Do I still eat the trope up? 100% (I mean Jackie Welles Cyberpunk2077 hello-)
The irony also applies to pet names and terms of endearment. You're unlikely to use that many L1 terms of endearment on a loved one that doesn't speak said language (though some consciously choose to do so, whether due to sentimentality or as a form of flirting), and unless you're in a movie or carefully curated, slowburn fanfic, you'll be settling for more common terms, usually in a language you share. You'd more likely have to be limited by a lower level skill in L2 to resort to L1 phrases when you're at a loss of words, or rather overwhelmed by other factors such as emotions; and someone with other languages in their arsenal will compensate for this lack with one of them, not necessarily his native tongue, esp if it's rarer, such as in my case where the counterpart most likely still won't understand a fundamentally different word from Serbian or Greek for example.
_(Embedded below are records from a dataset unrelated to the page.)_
(* Let $n,m\ge0$ be integers, $d_1,\ldots,d_m,s$ positive integers, $g_\bullet=|n;d_1,\ldots,d_m|$ and $h_\bullet=|n;d_1,\ldots,d_m,s|$. Suppose $g_\bullet$ is unimodal at each tail. If there is a positive integer $i$ with $h_i\le h_{i-1}$, then $h_d\le h_{d-1}$ for all $d\ge i$; in this case, if $n\ge1$, then $h^{(1)}_\bullet=|n-1;d_1,\ldots,d_m,s|$.
   Context: For $P=\sum p_iz^i\in\mathbb{Z}[[z]]$ let $t=\min\{d:p_d\le0\}$ and $|P|=\sum q_iz^i$ with $q_i=p_i$ for $i<t$, $q_i=0$ for $i\ge t$. The Fröberg sequence $|n;d_1,\ldots,d_m|$ is the sequence $(h_0,h_1,\ldots)$ with $\sum h_iz^i=\left|\prod_{j=1}^m(1-z^{d_j})/(1-z)^n\right|$. For a sequence $h_\bullet$ of nonnegative integers with $h_0=1$: $h^{(0)}_\bullet=h_\bullet$; $h^{(i)}_0=1$ and $h^{(i)}_d=\max\{0,h^{(i-1)}_d-h^{(i-1)}_{d-1}\}$ for $d\ge1$ (in particular $h^{(1)}$ is given by this formula with $i=1$; in the definition of unimodality below it is used for $1\le i<h_1$). For $0\le i<\max\{1,h_1\}$, $r_i=\min\{d\ge1:h^{(i)}_d\le h^{(i)}_{d-1}\}$ ($\infty$ if none), $D(h_\bullet)=\min\{i:r_i<\infty\}$. The sequence is unimodal at each tail if for every $i$ with $D(h_\bullet)\le i<\max\{1,h_1\}$, $h^{(i)}_d\le h^{(i)}_{d-1}$ for all $d\ge r_i$. *)

From mathcomp Require Import all_boot all_order all_algebra.
Set Implicit Arguments. Unset Strict Implicit. Unset Printing Implicit Defensive.
Import Order.TTheory GRing.Theory Num.Theory.

(* Formal power series in Z[[z]], as coefficient functions. *)
Definition ser := nat -> int.

Definition ser_one : ser := fun i => if i == 0%N then 1%R else 0%R.

(* multiplication by (1 - z^d) *)
Definition mul_1mz (d : nat) (p : ser) : ser :=
  fun i => (p i - (if (d <= i)%N then p (i - d)%N else 0))%R.

(* multiplication by 1/(1 - z) = 1 + z + z^2 + ... *)
Definition div_1mz (p : ser) : ser :=
  fun i => (\sum_(j < i.+1) p j)%R.

(* prod_{d in ds} (1 - z^d) / (1 - z)^n *)
Definition frob_ser (n : nat) (ds : seq nat) : ser :=
  iter n div_1mz (foldr mul_1mz ser_one ds).

(* |P| : keep coefficients q_i = p_i for i < t = min{d : p_d <= 0}, 0 after.
   i < t iff p_j > 0 for all j <= i. *)
Definition trunc_ser (p : ser) : ser :=
  fun i => if [forall j : 'I_i.+1, (0 < p j)%R] then p i else 0%R.

(* The Froberg sequence |n; d_1, ..., d_m| (entries are nonnegative). *)
Definition frob (n : nat) (ds : seq nat) : nat -> nat :=
  fun i => absz (trunc_ser (frob_ser n ds) i).

(* h^(1) from h : h^(1)_0 = 1, h^(1)_d = max(0, h_d - h_{d-1}) *)
Definition hder (h : nat -> nat) : nat -> nat :=
  fun d => if d == 0%N then 1%N else (h d - h d.-1)%N.

Definition hiter (i : nat) (h : nat -> nat) : nat -> nat := iter i hder h.

(* r_i = r  (r_i = min{d >= 1 : h^(i)_d <= h^(i)_{d-1}}) *)
Definition is_r (h : nat -> nat) (i r : nat) : Prop :=
  [/\ (1 <= r)%N, (hiter i h r <= hiter i h r.-1)%N &
      forall d, (1 <= d)%N -> (d < r)%N -> (hiter i h d.-1 < hiter i h d)%N].

Definition r_finite (h : nat -> nat) (i : nat) : Prop :=
  exists2 d, (1 <= d)%N & (hiter i h d <= hiter i h d.-1)%N.

(* unimodal at each tail: for every i with D(h) <= i < max(1, h_1),
   h^(i)_d <= h^(i)_{d-1} for all d >= r_i.
   D(h) <= i  iff some j <= i (with j < max(1,h_1)) has r_j finite. *)
Definition unimodal_tails (h : nat -> nat) : Prop :=
  forall i, (i < maxn 1 (h 1%N))%N ->
    (exists2 j, (j <= i)%N & r_finite h j) ->
    forall r, is_r h i r ->
    forall d, (r <= d)%N -> (hiter i h d <= hiter i h d.-1)%N.

From mathcomp Require Import all_boot all_order all_algebra zify.
From Stdlib Require Import FunctionalExtensionality.
Import Order.TTheory GRing.Theory Num.Theory.

Set Implicit Arguments.
Unset Strict Implicit.
Unset Printing Implicit Defensive.

(* Let a = frob_ser n ds, so that |n; ds, s| truncates p = (1 - z^s) a, and write
   D for the first difference (multiplication by 1 - z).  On the positive prefix
   D p_d = D a_d - D a_(d-s).  Where g = |a| has started to fall, D a_d <= 0 while
   D a_(d-s) > 0, for otherwise unimodality of g would give a_d <= a_(d-s), i.e.
   p_d <= 0.  Where g still rises, D a = g^(1) is unimodal too, and a unimodal f
   with f_i <= f_(i-s) satisfies f_d <= f_(d-s) for all d >= i; applied at i this
   gives D p_d <= 0.  So |n; ds, s| is unimodal, and as it is the truncation of the
   partial sums of q = frob_ser (n-1) (ds, s), its first differences are |q|. *)

Lemma mul_1mzC d e (p : ser) : mul_1mz d (mul_1mz e p) = mul_1mz e (mul_1mz d p).
Proof.
apply: functional_extensionality => i; rewrite /mul_1mz.
case: (leqP d i) => hd; case: (leqP e i) => he /=.
- rewrite (_ : (e <= i - d) = (d <= i - e)); last by apply/idP/idP; lia.
  case: ifP => _; last lia.
  by rewrite [(i - d - e)%N]subnAC; lia.
- by rewrite (_ : (e <= i - d) = false); [lia | apply/negbTE; rewrite -ltnNge; lia].
- by rewrite (_ : (d <= i - e) = false); [lia | apply/negbTE; rewrite -ltnNge; lia].
- lia.
Qed.

Lemma div_1mz_mul_1mz s (p : ser) : div_1mz (mul_1mz s p) = mul_1mz s (div_1mz p).
Proof.
apply: functional_extensionality => i; rewrite /mul_1mz /div_1mz sumrB.
congr (_ - _)%R; rewrite -big_mkcond /=.
rewrite -(big_geq_mkord s i.+1 predT (fun j => p (j - s)%N)).
case: (leqP s i) => [s_le_i | i_lt_s]; last by rewrite big_geq.
rewrite -{1}(add0n s) big_addn subSn // big_mkord.
by apply: eq_big => // j _; rewrite addnK.
Qed.

Lemma frob_ser_rcons n ds s : frob_ser n (rcons ds s) = mul_1mz s (frob_ser n ds).
Proof.
rewrite /frob_ser foldr_rcons.
have -> : foldr mul_1mz (mul_1mz s ser_one) ds = mul_1mz s (foldr mul_1mz ser_one ds).
  by elim: ds => //= d ds ->; rewrite mul_1mzC.
by elim: n => //= n ->; rewrite div_1mz_mul_1mz.
Qed.

Lemma div_1mz0 (q : ser) : div_1mz q 0 = q 0.
Proof. by rewrite /div_1mz big_ord1. Qed.

Lemma div_1mzS (q : ser) j : div_1mz q j.+1 = (div_1mz q j + q j.+1)%R.
Proof. by rewrite /div_1mz big_ord_recr. Qed.

Lemma frob_ser0 n ds : all (fun d => 0 < d) ds -> frob_ser n ds 0 = 1%R.
Proof.
move=> ds_pos; rewrite /frob_ser; elim: n => [|n IH] /=; last by rewrite div_1mz0.
elim: ds ds_pos => //= d ds IH /andP[d_gt0 /IH]; rewrite /mul_1mz leqNgt d_gt0.
by rewrite subr0.
Qed.

Lemma mul_1mz1_0 (b : ser) : mul_1mz 1 b 0 = b 0.
Proof. by rewrite /mul_1mz /= subr0. Qed.

Lemma mul_1mz1S (b : ser) j : mul_1mz 1 b j.+1 = (b j.+1 - b j)%R.
Proof. by rewrite /mul_1mz /= subn1. Qed.

Lemma mul_1mz1_mul_1mz s (a : ser) j :
  mul_1mz 1 (mul_1mz s a) j = (mul_1mz 1 a j - if (s <= j)%N then mul_1mz 1 a (j - s)%N else 0)%R.
Proof. by rewrite mul_1mzC. Qed.

Lemma mul_1mz1_div_1mz (q : ser) : mul_1mz 1 (div_1mz q) =1 q.
Proof. by case=> [|j]; rewrite ?mul_1mz1_0 ?div_1mz0 // mul_1mz1S div_1mzS addrC addKr. Qed.

Definition trunc_seq (p : ser) : nat -> nat := fun i => absz (trunc_ser p i).

Definition pos_upto (p : ser) (d : nat) : bool := [forall j : 'I_d.+1, (0 < p j)%R].

Lemma pos_uptoP p d : reflect (forall j, j <= d -> (0 < p j)%R) (pos_upto p d).
Proof.
apply: (iffP forallP) => [p_pos j j_le_d | p_pos j]; last exact: p_pos (ltn_ord j).
exact: (p_pos (Ordinal (j_le_d : j < d.+1))).
Qed.

Lemma pos_uptoPn p d : reflect (exists2 j, j <= d & (p j <= 0)%R) (~~ pos_upto p d).
Proof.
apply: (iffP forallPn) => [[j] | [j j_le_d p_j_le0]].
  by rewrite -leNgt => p_j_le0; exists j; rewrite // -ltnS.
by exists (Ordinal (j_le_d : j < d.+1)); rewrite -leNgt.
Qed.

Lemma trunc_seq_pos p d j : pos_upto p d -> j <= d -> (trunc_seq p j : int) = p j.
Proof.
move=> /pos_uptoP p_pos j_le_d; rewrite /trunc_seq /trunc_ser -/(pos_upto p j).
have -> : pos_upto p j by apply/pos_uptoP => k k_le_j; apply: p_pos; lia.
by rewrite abszE gtr0_norm // p_pos.
Qed.

Lemma trunc_seq_npos p d : ~~ pos_upto p d -> trunc_seq p d = 0.
Proof. by rewrite /trunc_seq /trunc_ser -/(pos_upto p d) => /negbTE ->. Qed.

Lemma trunc_seq_le_pred b d j : pos_upto b d -> 0 < j -> j <= d ->
  (trunc_seq b j <= trunc_seq b j.-1) = (mul_1mz 1 b j <= 0)%R.
Proof.
case: j => // j b_pos _ j_lt_d.
by rewrite mul_1mz1S subr_le0 -lez_nat !(trunc_seq_pos b_pos) // ltnW.
Qed.

Lemma hder_trunc_seq b d k : b 0 = 1%R -> pos_upto b d -> k <= d ->
  (0 < k -> trunc_seq b k.-1 <= trunc_seq b k) -> (hder (trunc_seq b) k : int) = mul_1mz 1 b k.
Proof.
case: k => [b0 _ _ _ | k _ b_pos k_lt_d /(_ isT) b_le]; first by rewrite mul_1mz1_0 b0.
by rewrite /hder /= -subzn // mul_1mz1S !(trunc_seq_pos b_pos) // ltnW.
Qed.

Lemma pos_upto_mul_1mz s a d : 0 < s -> pos_upto (mul_1mz s a) d -> pos_upto a d.
Proof.
move=> s_gt0 /pos_uptoP p_pos; apply/pos_uptoP => j; elim/ltn_ind: j => j IH j_le_d.
have := p_pos j j_le_d; rewrite /mul_1mz; case: ifP => s_le_j; last lia.
have : (0 < a (j - s)%N)%R by apply: IH; lia.
lia.
Qed.

Lemma pos_upto_div_1mz (q : ser) d : pos_upto q d -> pos_upto (div_1mz q) d.
Proof.
move=> /pos_uptoP q_pos; apply/pos_uptoP; elim=> [|j IH] j_le_d; first by rewrite div_1mz0 q_pos.
by rewrite div_1mzS addr_gt0 ?IH ?q_pos // ltnW.
Qed.

(* Once [f] stops increasing it never increases again; for [f = h^(i)] with
   [r_i] finite this is unimodality at the [i]-th tail. *)
Definition unimodal (f : nat -> nat) : Prop :=
  forall k, 0 < k -> f k <= f k.-1 -> forall d, k <= d -> f d <= f d.-1.

Section Unimodal.

Variable f : nat -> nat.
Hypothesis f_unimodal : unimodal f.

Lemma unimodal_noninc k x y : 0 < k -> f k <= f k.-1 -> k.-1 <= x -> x <= y -> f y <= f x.
Proof.
move=> k_gt0 f_k x_ge; elim: y => [|y IH] x_le; first by rewrite leqn0 in x_le; rewrite (eqP x_le).
case: (leqP x y) => [x_le_y | y_lt_x]; last by rewrite (@anti_leq x y.+1) // x_le.
by apply: leq_trans (f_unimodal k_gt0 f_k (_ : k <= y.+1)) (IH x_le_y); lia.
Qed.

Lemma unimodal_desc x y z w : x < y -> f y <= f x -> y.-1 <= z -> z <= w -> f w <= f z.
Proof.
elim: y => // y IH x_lt_y f_y z_ge z_le_w.
case: (leqP (f y.+1) (f y)) => [f_drop | f_rise]; first exact: unimodal_noninc f_drop z_ge z_le_w.
have x_lt_y' : x < y.
  rewrite ltn_neqAle -ltnS x_lt_y andbT; apply/eqP => x_eq_y.
  by move: f_y; rewrite x_eq_y leqNgt f_rise.
by apply: IH x_lt_y' (ltnW (leq_trans f_rise f_y)) _ z_le_w; lia.
Qed.

Lemma unimodal_desc_mono x y x' y' :
  x < y -> f y <= f x -> x <= x' -> y <= y' -> x' <= y' -> f y' <= f x'.
Proof.
move=> x_lt_y f_y x_le y_le x'_le_y'.
case: (leqP (f x) (f x')) => [f_x_le | f_x'_lt].
  by rewrite (leq_trans _ f_x_le) // (leq_trans _ f_y) // (@unimodal_desc x y) ?leq_pred.
have x_lt_x' : x < x' by rewrite ltn_neqAle x_le andbT; apply: contraTneq f_x'_lt => ->; rewrite ltnn.
exact: (@unimodal_desc x x') (ltnW f_x'_lt) (leq_pred _) x'_le_y'.
Qed.

End Unimodal.

Lemma unimodal_tails_hiter h i : unimodal_tails h -> i < maxn 1 (h 1) -> unimodal (hiter i h).
Proof.
move=> h_tails i_lt k k_gt0 drop_k d k_le_d.
have drop_ex : exists k, (0 < k) && (hiter i h k <= hiter i h k.-1) by exists k; rewrite k_gt0.
case: (ex_minnP drop_ex) => r /andP[r_gt0 drop_r] r_min.
apply: (h_tails i i_lt _ r); first by exists i => //; exists k.
- split=> // e e_gt0 e_lt_r; rewrite ltnNge; apply/negP => drop_e.
  by have := r_min e; rewrite e_gt0 drop_e => /(_ isT); rewrite leqNgt e_lt_r.
- by rewrite (leq_trans _ k_le_d) // r_min ?k_gt0.
Qed.

Section TruncMul1mz.

Variables (a : ser) (s : nat).
Hypotheses (a0 : a 0 = 1%R) (s_gt0 : 0 < s) (a_tails : unimodal_tails (trunc_seq a)).

Local Notation g := (trunc_seq a).
Local Notation p := (mul_1mz s a).

Let g_unimodal : unimodal g.
Proof. by apply: (@unimodal_tails_hiter g 0 a_tails); rewrite leq_max. Qed.

Section Prefix.

Variable d : nat.
Hypothesis p_pos : pos_upto p d.

Let a_pos : pos_upto a d.
Proof. exact: pos_upto_mul_1mz p_pos. Qed.

Lemma mul_1mz1_mul_1mz_fall : 0 < d -> g d <= g d.-1 -> (mul_1mz 1 p d <= 0)%R.
Proof.
move=> d_gt0; rewrite mul_1mz1_mul_1mz (trunc_seq_le_pred a_pos) // => a_fall.
case: leqP => [s_le_d | _]; last by rewrite subr0.
suff : (0 < mul_1mz 1 a (d - s)%N)%R by lia.
have [-> | e_gt0] := posnP (d - s); first by rewrite mul_1mz1_0; move/pos_uptoP: a_pos; apply.
have e_le_d : d - s <= d := leq_subr s d.
rewrite ltNge -(trunc_seq_le_pred a_pos) //; apply/negP => a_fall_e.
have : g d <= g (d - s).
  by apply: (unimodal_desc_mono g_unimodal _ a_fall_e); rewrite ?ltn_predL ?leq_pred.
move/pos_uptoP: p_pos => /(_ d (leqnn d)); rewrite /mul_1mz s_le_d -lez_nat.
by rewrite !(trunc_seq_pos a_pos) //; lia.
Qed.

Lemma mul_1mz1_mul_1mz_rise i : 0 < i -> i <= d -> (mul_1mz 1 p i <= 0)%R -> g d.-1 < g d ->
  (mul_1mz 1 p d <= 0)%R.
Proof.
move=> i_gt0 i_le_d p_fall_i g_rise.
have d_gt0 : 0 < d := leq_trans i_gt0 i_le_d.
have g_rising k : 0 < k -> k <= d -> g k.-1 < g k.
  move=> k_gt0 k_le_d; rewrite ltnNge; apply/negP => g_fall_k.
  by move: g_rise; rewrite ltnNge (g_unimodal k_gt0 g_fall_k k_le_d).
have c_unimodal : unimodal (hiter 1 g).
  have g0 : g 0 = 1 by apply/eqP; rewrite -eqz_nat (trunc_seq_pos a_pos) ?a0.
  have := g_rising 1 isT d_gt0; rewrite /= g0 => g1.
  by apply: (@unimodal_tails_hiter _ 1 a_tails); rewrite leq_max g1 orbT.
have cE k : k <= d -> (hiter 1 g k : int) = mul_1mz 1 a k.
  move=> k_le_d; apply: (hder_trunc_seq a0 a_pos k_le_d) => k_gt0.
  exact: ltnW (g_rising k k_gt0 k_le_d).
have s_le_i : s <= i.
  rewrite leqNgt; apply/negP => i_lt_s; move: p_fall_i.
  rewrite mul_1mz1_mul_1mz leqNgt i_lt_s subr0 -(trunc_seq_le_pred a_pos) //.
  by rewrite leqNgt g_rising.
have c_fall : hiter 1 g i <= hiter 1 g (i - s).
  move: p_fall_i; rewrite mul_1mz1_mul_1mz s_le_i -lez_nat !cE ?(leq_trans (leq_subr s i)) //.
  by rewrite subr_le0.
have : hiter 1 g d <= hiter 1 g (d - s).
  by apply: (unimodal_desc_mono c_unimodal _ c_fall); rewrite ?leq_sub2r ?leq_subr // ltn_subrL s_gt0.
by rewrite mul_1mz1_mul_1mz (leq_trans s_le_i i_le_d) -lez_nat !cE ?leq_subr // subr_le0.
Qed.

End Prefix.

Lemma unimodal_trunc_mul_1mz : unimodal (trunc_seq p).
Proof.
move=> i i_gt0 h_fall_i d i_le_d.
have [p_pos | p_npos] := boolP (pos_upto p d); last by rewrite trunc_seq_npos.
have d_gt0 := leq_trans i_gt0 i_le_d.
rewrite (trunc_seq_le_pred p_pos) //; rewrite (trunc_seq_le_pred p_pos) // in h_fall_i.
case: (leqP (g d) (g d.-1)) => [g_fall | g_rise]; first exact: mul_1mz1_mul_1mz_fall.
exact: mul_1mz1_mul_1mz_rise h_fall_i g_rise.
Qed.

End TruncMul1mz.

Lemma hder_trunc_div_1mz (q : ser) : q 0 = 1%R -> unimodal (trunc_seq (div_1mz q)) ->
  hder (trunc_seq (div_1mz q)) =1 trunc_seq q.
Proof.
move=> q0 P_unimodal d; have P0 : div_1mz q 0 = 1%R by rewrite div_1mz0.
have [q_pos | q_npos] := boolP (pos_upto q d).
  have P_pos := pos_upto_div_1mz q_pos.
  apply/eqP; rewrite -eqz_nat (trunc_seq_pos q_pos) // (hder_trunc_seq P0 P_pos) //.
    by rewrite mul_1mz1_div_1mz.
  move=> d_gt0; apply: ltnW; rewrite ltnNge (trunc_seq_le_pred P_pos) // mul_1mz1_div_1mz -ltNge.
  by move/pos_uptoP: q_pos; apply.
case: d q_npos => [|d] q_npos.
  by case/pos_uptoPn: q_npos => j; rewrite leqn0 => /eqP ->; rewrite q0.
rewrite trunc_seq_npos //; apply/eqP; rewrite subn_eq0.
have [P_pos | P_npos] := boolP (pos_upto (div_1mz q) d.+1); last by rewrite trunc_seq_npos.
case/pos_uptoPn: q_npos => k k_le q_k.
have k_gt0 : 0 < k by rewrite lt0n; apply: contraTneq q_k => ->; rewrite q0.
apply: (P_unimodal k k_gt0 _ d.+1 k_le).
by rewrite (trunc_seq_le_pred P_pos) // mul_1mz1_div_1mz.
Qed.

Theorem lemma4p5 (n : nat) (ds : seq nat) (s : nat) :
  all (fun d => 0 < d) ds -> 0 < s ->
  unimodal_tails (frob n ds) ->
  forall i, 0 < i -> frob n (rcons ds s) i <= frob n (rcons ds s) i.-1 ->
  (forall d, i <= d -> frob n (rcons ds s) d <= frob n (rcons ds s) d.-1) /\
  (1 <= n -> forall d, hiter 1 (frob n (rcons ds s)) d = frob n.-1 (rcons ds s) d).
Proof.
move=> ds_pos s_gt0 g_tails i i_gt0 h_fall_i.
have h_unimodal : unimodal (frob n (rcons ds s)).
  change (unimodal (trunc_seq (frob_ser n (rcons ds s)))); rewrite frob_ser_rcons.
  exact: unimodal_trunc_mul_1mz (frob_ser0 _ ds_pos) s_gt0 g_tails.
split; first exact: h_unimodal i i_gt0 h_fall_i.
case: n {g_tails h_fall_i} h_unimodal => // n h_unimodal _.
have q0 : frob_ser n (rcons ds s) 0 = 1%R by rewrite frob_ser0 // all_rcons s_gt0 ds_pos.
exact: hder_trunc_div_1mz q0 h_unimodal.
Qed.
One instance where I can imagine this bilingual conundrum working, is in creole or pidgin languages*. Languages meant to function in a multilingual/multicultural environment, or ones that are based heavily on such linguistic development, are more likely to mix terms and structures, producing their own in turn. Notice how these OP media tropes don't often happen in "less popular/romanticized" languages, either. We'll see a lot of French or Spanish terms thrown around for pet names, as they're notorious for romance settings, or perhaps some popular foreign slang that's been meme-fied on the net by other, less "romantic" languages. That's where these stop though, don't they?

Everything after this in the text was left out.